Внезапно Жанна возненавидела Англию, свидетельницу краха ее семейной жизни. Но что делать? Мартину всего девять лет. Жанна оказалась в тупике. Она не могла вырвать сына из привычной жизни, переехав во Францию, и уж тем более не могла лишить его отца. И тут за нее все решила судьба. Ей предложили место политического обозревателя в «L’Événement du jeudi»[11]. Жорж-Марк Бенаму[12], вставший во главе этого крупного французского еженедельника, твердо вознамерился омолодить редакцию и сделать ее динамичнее. Жанна познакомилась с Бенаму в Лондоне во время президентских выборов, где победил Тони Блэр. Да, Бенаму проникся к ней симпатией, но ей и в голову не приходило, что он когда-нибудь предложит ей работу. Конечно, Жанна увидела в этом указующий перст, определивший ее будущее. Перед тем как заснуть, в темноте спальни она тихо сказала мужу:
– Я уезжаю.
Джон зажег свет и спросил, куда она собралась в столь поздний час.
Тогда она заговорила о последних годах. В исповедальном порыве она чуть было не призналась и в неверности, но вовремя спохватилась. Незачем еще больше портить то, что уже закончилось.

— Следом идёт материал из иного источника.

Lemma bcomp_starE j i : j != i -> bcomp delta (star_rel h) (star_H h) j i =
  shapley j [set: T] (hub_game star_worth h) -
  shapley j (~: [set i]) (hub_game star_worth h).
Proof.
move=> ji; rewrite /bcomp (eq_shapley (v := hub_game star_worth h) (finset.in_setT j));
  last by move=> C _; apply: rgame_star_H.
have jX : j \in ~: [set i] by rewrite !inE.
by rewrite (eq_shapley (v := hub_game star_worth h) jX) // => C; apply: rgame_restrict_star_H.
Qed.

Lemma bcomp_star_hub_leaf i : i != h ->
  bcomp delta (star_rel h) (star_H h) h i = leaf_share #|T|.-1.
Proof.
move=> ih; have hX : h \in ~: [set i] by rewrite !inE eq_sym.
rewrite bcomp_starE 1?eq_sym // !shapley_star_hub // cardsT cardsC1.
by move: card_T; case: #|T| => [|[|m]] //= _; apply: hub_shareS.
Qed.

Lemma bcomp_star_leaf_hub j : j != h ->
  bcomp delta (star_rel h) (star_H h) j h = leaf_share #|T|.-1.
Proof.
move=> jh; rewrite bcomp_starE // shapley_star_leaf // cardsT.
by rewrite shapley_hub_game_nohub ?subr0 // !inE ?eqxx.
Qed.

Lemma bcomp_star_leaf_leaf j i : j != h -> i != h -> j != i ->
  bcomp delta (star_rel h) (star_H h) j i = 2 * delta ^+ 2 / 3.
Proof.
move=> jh ih ji; have jX : j \in ~: [set i] by rewrite !inE.
have hX : h \in ~: [set i] by rewrite !inE eq_sym.
rewrite bcomp_starE // !shapley_star_leaf // cardsT cardsC1.
by move: card_T; case: #|T| => [|[|m]] //= _; apply: leaf_shareS.
Qed.

Lemma beff_star_card S Rc : hub_leaf h S Rc ->
  beff_star delta h S Rc = delta + fkd (#|T|.-1)%:R delta.
Proof.
move=> hl; have SRc : S != Rc by case/orP: hl => /andP[/eqP -> ?]; rewrite // eq_sym.
have b_SRc : bcomp delta (star_rel h) (star_H h) S Rc = leaf_share #|T|.-1.
  by case/orP: hl => /andP[/eqP -> ?]; [apply: bcomp_star_hub_leaf|apply: bcomp_star_leaf_hub].
(* Whatever the orientation, each witness contributes one hub-leaf and one
   leaf-leaf component. *)
have b_W w : w \in ~: [set S; Rc] ->
    bcomp delta (star_rel h) (star_H h) S w + bcomp delta (star_rel h) (star_H h) w Rc =
    leaf_share #|T|.-1 + 2 * delta ^+ 2 / 3.
  rewrite !inE negb_or => /andP[wS wRc].
  case/orP: hl => /andP[/eqP hub leaf]; rewrite hub in wS wRc *.
    by rewrite (bcomp_star_hub_leaf wS) (bcomp_star_leaf_leaf wS leaf wRc).
  rewrite eq_sym in wS.
  by rewrite (bcomp_star_leaf_hub wRc) (bcomp_star_leaf_leaf leaf wRc wS) addrC.
rewrite /beff_star /beff b_SRc (eq_bigr _ b_W) sumr_const.
rewrite cardsCs finset.setCK cards2 SRc /leaf_share /fkd.
move: card_T; case: #|T| => [|[|[|n]]] //= _; rewrite !subSS subn0.
by rewrite -[_ *+ n.+1]mulr_natr -!natr1; field; rewrite !natr1 pnatr_eq0.
Qed.

End Star.

Section SubInverse.
Variables (R : realType) (c : R).

Lemma is_derive_sub_inv (y : R) : y != 0 ->
  is_derive y 1 (fun k : R => c * (k - k^-1)) (c * (1 + y ^- 2)).
Proof.
move=> y0; have D := is_deriveZ c (is_deriveB (is_derive_id y 1)
  (@is_deriveV R id y 1 1 y0 (is_derive_id y 1))).
match type of D with is_derive _ _ ?f _ =>
  have -> : (fun k : R => c * (k - k^-1)) = f by [] end.
apply: is_derive_eq D _; change (c * (1 - - y ^- 2 * 1) = c * (1 + y ^- 2)).
by rewrite mulr1 opprK.
Qed.
Local Notation step := (revert_step a b).
Local Notation inv := (revert_inv b n).
Local Notation measure := (revert_measure a b n).

Lemma revert_step_inv T z y : inv T z -> step T z y -> inv T y.
Proof.
case=> inv_z sub_T [j]; rewrite in_fsetD => /andP[jNT jz] ->.
have sub_j : [fset j] `<=` Em b z by rewrite fsub1set.
have [inv_y _ _] := exch_chgba ab inv_z sub_j; split => //.
by apply: (Em_chg_disjoint nob first_ab last_ab sub_T sub_j); apply: fdisjoint_fset1.
Qed.

Lemma revert_step_measure T z y : inv T z -> step T z y -> measure y < measure z.
Proof.
case=> inv_z _ [j]; rewrite in_fsetD => /andP[_ jz] ->.
have sub_j : [fset j] `<=` Em b z by rewrite fsub1set.
have [inv_y _ _] := exch_chgba ab inv_z sub_j.
apply: count_lt_trans; [exact: flip_lt_trans | exact: flip_lt_irr | |].
  exact: invseq_bounded inv_y.
by apply: (flip_lt_chg1 (exch_size ab) (exch_neq ab) (exch_subab ab)); rewrite -mem_Em.
Qed.

Lemma revert_step_diamond T z y1 y2 : inv T z -> step T z y1 -> step T z y2 ->
  y1 = y2 \/ exists2 w, step T y1 w & step T y2 w.
Proof.
case=> inv_z sub_T [j]; rewrite in_fsetD => /andP[jNT jz] ->.
case=> k; rewrite in_fsetD => /andP[kNT kz] ->.
have [<- | neq_jk] := eqVneq j k; [by left | right].
have sub_j : [fset j] `<=` Em b z by rewrite fsub1set.
have sub_k : [fset k] `<=` Em b z by rewrite fsub1set.
have dis_jk : [disjoint [fset j] & [fset k]] by apply: fdisjoint_fset1; rewrite inE eq_sym.
have dis_kj : [disjoint [fset k] & [fset j]] by rewrite fdisjoint_sym.
have chgU_jk := chgU nob first_ab last_ab sub_j sub_k dis_jk.
have chgU_kj := chgU nob first_ab last_ab sub_k sub_j dis_kj.
exists (chg a [fset j; k] z).
- exists k; last by rewrite -chgU_kj fsetUC.
  rewrite in_fsetD kNT -fsub1set.
  by apply: (Em_chg_disjoint nob first_ab last_ab sub_k sub_j dis_kj).
- exists j; last by rewrite -chgU_jk.
  rewrite in_fsetD jNT -fsub1set.
  by apply: (Em_chg_disjoint nob first_ab last_ab sub_j sub_k dis_jk).
Qed.

Lemma revert_step_dec T z : (exists y, step T z y) \/ (forall y, ~ step T z y).
Proof.
have [/eqP no_site | /fset0Pn[j jD]] := boolP (Em b z `\` T == fset0).
  by right=> y [j]; rewrite no_site.
by left; exists (chg a [fset j] z), j.
Qed.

Она сказала про усталость, про уходящее время. Еще какие-то общие слова, значившие все и ничего. А потом перешла к профессиональным перспективам, которые перед ней открывались. Джон трижды выдохнул:
– Это невозможно, это невозможно, это невозможно. – И в конце концов произнес: – Ты можешь, конечно, ехать в Париж, раз для тебя это так важно. Я все возьму на себя. И будем встречаться каждые выходные…
– Мне нужно не это. Я хочу двигаться вперед.
– …
– Наши отношения исчерпали себя.
– …
– Мне так жаль.
– …
– Мартин останется с тобой. Я не хочу отрывать его от жизни здесь, от друзей. Он будет приезжать ко мне на выходные и на каникулы… Конечно, если ты не возражаешь…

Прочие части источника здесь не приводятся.